[Stored data entries]
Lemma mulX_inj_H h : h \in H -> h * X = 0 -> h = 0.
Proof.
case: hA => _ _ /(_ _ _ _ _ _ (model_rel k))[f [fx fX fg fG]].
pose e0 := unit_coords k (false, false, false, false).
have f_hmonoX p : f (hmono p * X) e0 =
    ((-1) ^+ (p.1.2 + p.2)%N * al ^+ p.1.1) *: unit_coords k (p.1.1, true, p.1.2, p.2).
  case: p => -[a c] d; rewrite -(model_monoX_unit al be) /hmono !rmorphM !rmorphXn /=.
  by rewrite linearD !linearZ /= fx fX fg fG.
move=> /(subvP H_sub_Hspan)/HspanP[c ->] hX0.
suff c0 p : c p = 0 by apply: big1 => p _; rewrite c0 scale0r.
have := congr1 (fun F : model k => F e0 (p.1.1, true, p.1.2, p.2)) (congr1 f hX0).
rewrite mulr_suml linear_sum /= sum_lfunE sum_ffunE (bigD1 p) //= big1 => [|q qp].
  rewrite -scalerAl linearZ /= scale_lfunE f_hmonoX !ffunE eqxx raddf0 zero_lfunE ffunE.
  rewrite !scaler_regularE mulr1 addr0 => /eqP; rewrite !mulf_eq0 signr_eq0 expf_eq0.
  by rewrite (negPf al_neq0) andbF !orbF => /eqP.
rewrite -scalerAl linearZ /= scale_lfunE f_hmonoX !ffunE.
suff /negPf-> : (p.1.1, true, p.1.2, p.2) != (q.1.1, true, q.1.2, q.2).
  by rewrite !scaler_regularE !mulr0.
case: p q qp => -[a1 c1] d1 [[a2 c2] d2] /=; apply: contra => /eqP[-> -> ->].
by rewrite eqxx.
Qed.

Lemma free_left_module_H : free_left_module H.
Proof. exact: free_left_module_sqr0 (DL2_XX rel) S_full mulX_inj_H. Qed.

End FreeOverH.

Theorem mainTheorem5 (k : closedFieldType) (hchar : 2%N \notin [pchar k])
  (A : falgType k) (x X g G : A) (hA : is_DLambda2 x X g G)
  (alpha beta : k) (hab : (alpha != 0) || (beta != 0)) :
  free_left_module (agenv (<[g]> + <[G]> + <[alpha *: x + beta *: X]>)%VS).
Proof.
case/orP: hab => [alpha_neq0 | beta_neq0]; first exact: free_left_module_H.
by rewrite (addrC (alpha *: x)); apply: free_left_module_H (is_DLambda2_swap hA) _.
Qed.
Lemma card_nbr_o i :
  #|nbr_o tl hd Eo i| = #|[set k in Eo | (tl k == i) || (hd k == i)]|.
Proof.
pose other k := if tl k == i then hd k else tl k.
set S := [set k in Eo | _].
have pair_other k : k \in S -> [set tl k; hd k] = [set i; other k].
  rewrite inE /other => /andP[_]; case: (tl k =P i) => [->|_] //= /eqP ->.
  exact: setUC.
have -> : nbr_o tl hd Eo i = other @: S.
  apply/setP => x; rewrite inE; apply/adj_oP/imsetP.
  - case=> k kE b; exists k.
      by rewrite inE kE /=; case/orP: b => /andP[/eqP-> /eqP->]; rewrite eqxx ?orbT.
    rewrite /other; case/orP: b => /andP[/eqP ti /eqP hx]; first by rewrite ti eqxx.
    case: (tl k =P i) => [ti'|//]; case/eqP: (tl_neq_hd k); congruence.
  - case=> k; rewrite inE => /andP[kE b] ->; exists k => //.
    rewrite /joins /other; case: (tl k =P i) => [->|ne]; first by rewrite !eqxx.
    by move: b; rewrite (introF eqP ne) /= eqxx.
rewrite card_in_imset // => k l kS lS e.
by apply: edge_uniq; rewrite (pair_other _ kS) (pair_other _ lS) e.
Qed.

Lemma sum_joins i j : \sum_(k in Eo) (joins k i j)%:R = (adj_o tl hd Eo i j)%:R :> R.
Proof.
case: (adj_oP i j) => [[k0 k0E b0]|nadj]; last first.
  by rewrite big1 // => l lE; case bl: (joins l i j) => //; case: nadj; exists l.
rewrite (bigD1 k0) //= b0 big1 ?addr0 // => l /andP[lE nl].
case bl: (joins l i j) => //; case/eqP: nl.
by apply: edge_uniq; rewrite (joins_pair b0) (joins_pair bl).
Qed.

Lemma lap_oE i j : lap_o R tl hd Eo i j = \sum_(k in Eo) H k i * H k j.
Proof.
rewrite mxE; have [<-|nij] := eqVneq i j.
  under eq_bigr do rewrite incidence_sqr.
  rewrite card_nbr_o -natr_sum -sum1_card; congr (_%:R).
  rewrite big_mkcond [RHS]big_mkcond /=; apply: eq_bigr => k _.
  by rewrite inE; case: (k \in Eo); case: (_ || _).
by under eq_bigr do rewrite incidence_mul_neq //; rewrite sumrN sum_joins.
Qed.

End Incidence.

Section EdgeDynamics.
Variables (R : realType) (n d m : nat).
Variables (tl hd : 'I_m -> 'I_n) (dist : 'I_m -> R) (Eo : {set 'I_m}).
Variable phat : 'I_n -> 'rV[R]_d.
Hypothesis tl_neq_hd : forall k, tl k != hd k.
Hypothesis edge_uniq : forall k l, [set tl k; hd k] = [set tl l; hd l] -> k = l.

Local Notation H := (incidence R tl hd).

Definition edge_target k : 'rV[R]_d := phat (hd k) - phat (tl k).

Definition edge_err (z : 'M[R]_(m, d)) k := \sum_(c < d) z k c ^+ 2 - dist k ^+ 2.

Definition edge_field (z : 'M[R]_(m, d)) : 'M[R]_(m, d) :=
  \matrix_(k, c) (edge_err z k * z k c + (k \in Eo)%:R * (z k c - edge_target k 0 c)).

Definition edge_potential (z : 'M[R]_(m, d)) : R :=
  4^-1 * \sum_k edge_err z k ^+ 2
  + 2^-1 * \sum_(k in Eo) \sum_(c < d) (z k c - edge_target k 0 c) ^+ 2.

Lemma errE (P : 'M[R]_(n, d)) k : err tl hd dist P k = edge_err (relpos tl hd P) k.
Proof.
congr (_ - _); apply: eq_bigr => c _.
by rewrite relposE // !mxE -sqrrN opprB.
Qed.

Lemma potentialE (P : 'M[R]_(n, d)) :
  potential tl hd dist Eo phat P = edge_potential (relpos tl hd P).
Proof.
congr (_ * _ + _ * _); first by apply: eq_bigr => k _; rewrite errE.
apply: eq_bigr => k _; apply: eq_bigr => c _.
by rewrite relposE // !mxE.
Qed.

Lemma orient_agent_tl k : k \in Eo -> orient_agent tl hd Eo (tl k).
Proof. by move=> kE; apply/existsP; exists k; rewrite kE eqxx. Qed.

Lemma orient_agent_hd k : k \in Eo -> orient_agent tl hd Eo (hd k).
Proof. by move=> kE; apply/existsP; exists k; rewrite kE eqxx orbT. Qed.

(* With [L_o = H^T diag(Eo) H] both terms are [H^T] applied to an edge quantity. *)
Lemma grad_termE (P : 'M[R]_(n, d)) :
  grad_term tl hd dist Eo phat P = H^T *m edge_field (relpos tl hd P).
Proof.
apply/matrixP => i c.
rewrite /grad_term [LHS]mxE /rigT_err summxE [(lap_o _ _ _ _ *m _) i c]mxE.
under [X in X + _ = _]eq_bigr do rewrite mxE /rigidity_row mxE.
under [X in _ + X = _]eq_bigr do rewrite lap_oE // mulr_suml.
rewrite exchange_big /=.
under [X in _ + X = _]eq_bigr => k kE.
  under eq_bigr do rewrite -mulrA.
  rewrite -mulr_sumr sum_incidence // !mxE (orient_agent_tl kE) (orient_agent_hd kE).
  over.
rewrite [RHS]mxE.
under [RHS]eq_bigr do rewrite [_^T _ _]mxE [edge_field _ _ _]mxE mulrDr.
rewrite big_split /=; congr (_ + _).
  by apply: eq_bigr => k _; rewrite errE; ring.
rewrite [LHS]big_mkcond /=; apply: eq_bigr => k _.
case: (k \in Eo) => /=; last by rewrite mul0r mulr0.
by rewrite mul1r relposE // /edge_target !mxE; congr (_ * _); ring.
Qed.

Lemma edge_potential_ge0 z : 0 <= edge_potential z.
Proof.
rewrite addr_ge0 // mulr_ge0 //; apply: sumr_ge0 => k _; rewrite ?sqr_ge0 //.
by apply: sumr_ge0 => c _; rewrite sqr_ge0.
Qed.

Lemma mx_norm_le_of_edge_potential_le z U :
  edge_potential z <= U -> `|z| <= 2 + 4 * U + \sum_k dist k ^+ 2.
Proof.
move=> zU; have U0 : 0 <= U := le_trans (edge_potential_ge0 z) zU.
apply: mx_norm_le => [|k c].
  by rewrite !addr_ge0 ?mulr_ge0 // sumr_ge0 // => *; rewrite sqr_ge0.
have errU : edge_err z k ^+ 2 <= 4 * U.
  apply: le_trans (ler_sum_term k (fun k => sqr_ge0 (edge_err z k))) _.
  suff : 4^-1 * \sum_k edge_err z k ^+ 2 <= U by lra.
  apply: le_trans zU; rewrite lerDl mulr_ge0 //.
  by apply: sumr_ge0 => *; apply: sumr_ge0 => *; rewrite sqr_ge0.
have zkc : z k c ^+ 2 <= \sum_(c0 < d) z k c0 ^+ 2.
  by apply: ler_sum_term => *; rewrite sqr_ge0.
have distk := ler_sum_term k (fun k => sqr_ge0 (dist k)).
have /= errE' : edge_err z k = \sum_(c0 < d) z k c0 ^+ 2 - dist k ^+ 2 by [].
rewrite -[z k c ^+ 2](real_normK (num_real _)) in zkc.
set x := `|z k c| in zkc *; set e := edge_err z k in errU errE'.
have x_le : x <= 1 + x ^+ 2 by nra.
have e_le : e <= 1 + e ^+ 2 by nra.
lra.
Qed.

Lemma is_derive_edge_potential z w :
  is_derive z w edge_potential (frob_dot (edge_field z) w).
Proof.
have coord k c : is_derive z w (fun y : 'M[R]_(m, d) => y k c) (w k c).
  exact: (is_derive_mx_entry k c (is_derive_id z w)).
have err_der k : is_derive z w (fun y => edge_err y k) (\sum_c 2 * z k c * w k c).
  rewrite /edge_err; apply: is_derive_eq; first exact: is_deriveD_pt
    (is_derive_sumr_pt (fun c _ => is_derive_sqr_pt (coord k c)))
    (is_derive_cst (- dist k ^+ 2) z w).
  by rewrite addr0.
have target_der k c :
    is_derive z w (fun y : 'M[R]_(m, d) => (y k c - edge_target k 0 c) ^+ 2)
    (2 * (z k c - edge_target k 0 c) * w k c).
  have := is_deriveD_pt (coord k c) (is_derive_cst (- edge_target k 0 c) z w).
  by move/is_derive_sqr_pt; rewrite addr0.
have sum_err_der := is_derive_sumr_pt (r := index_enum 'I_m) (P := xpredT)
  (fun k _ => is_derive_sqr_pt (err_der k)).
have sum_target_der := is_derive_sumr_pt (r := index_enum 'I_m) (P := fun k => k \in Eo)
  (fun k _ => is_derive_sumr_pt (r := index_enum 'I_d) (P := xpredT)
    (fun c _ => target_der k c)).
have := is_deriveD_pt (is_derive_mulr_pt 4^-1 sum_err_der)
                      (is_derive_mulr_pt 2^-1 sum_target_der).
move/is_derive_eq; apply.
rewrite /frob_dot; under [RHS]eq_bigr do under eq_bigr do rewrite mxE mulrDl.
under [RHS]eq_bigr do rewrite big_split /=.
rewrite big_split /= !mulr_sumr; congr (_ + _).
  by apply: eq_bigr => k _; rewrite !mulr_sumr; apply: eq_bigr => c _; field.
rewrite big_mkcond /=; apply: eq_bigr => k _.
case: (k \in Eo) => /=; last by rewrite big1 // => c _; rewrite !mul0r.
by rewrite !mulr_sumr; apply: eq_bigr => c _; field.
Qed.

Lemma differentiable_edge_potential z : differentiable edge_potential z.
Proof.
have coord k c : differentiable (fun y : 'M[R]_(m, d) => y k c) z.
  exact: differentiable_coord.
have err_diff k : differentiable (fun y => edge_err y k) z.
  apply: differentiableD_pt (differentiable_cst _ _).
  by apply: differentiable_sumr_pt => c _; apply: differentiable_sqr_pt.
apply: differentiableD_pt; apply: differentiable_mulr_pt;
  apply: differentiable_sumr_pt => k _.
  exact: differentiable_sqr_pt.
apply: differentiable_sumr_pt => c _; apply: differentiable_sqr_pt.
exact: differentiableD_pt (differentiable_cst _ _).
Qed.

▶ About this exercise:
What is needed is an exact printout of every line from the one with "have err_diff k" through the end of the data, including both, and nothing more.

▶ Solution for this problem:
have err_diff k : differentiable (fun y => edge_err y k) z.
  apply: differentiableD_pt (differentiable_cst _ _).
  by apply: differentiable_sumr_pt => c _; apply: differentiable_sqr_pt.
apply: differentiableD_pt; apply: differentiable_mulr_pt;
  apply: differentiable_sumr_pt => k _.
  exact: differentiable_sqr_pt.
apply: differentiable_sumr_pt => c _; apply: differentiable_sqr_pt.
exact: differentiableD_pt (differentiable_cst _ _).
Qed.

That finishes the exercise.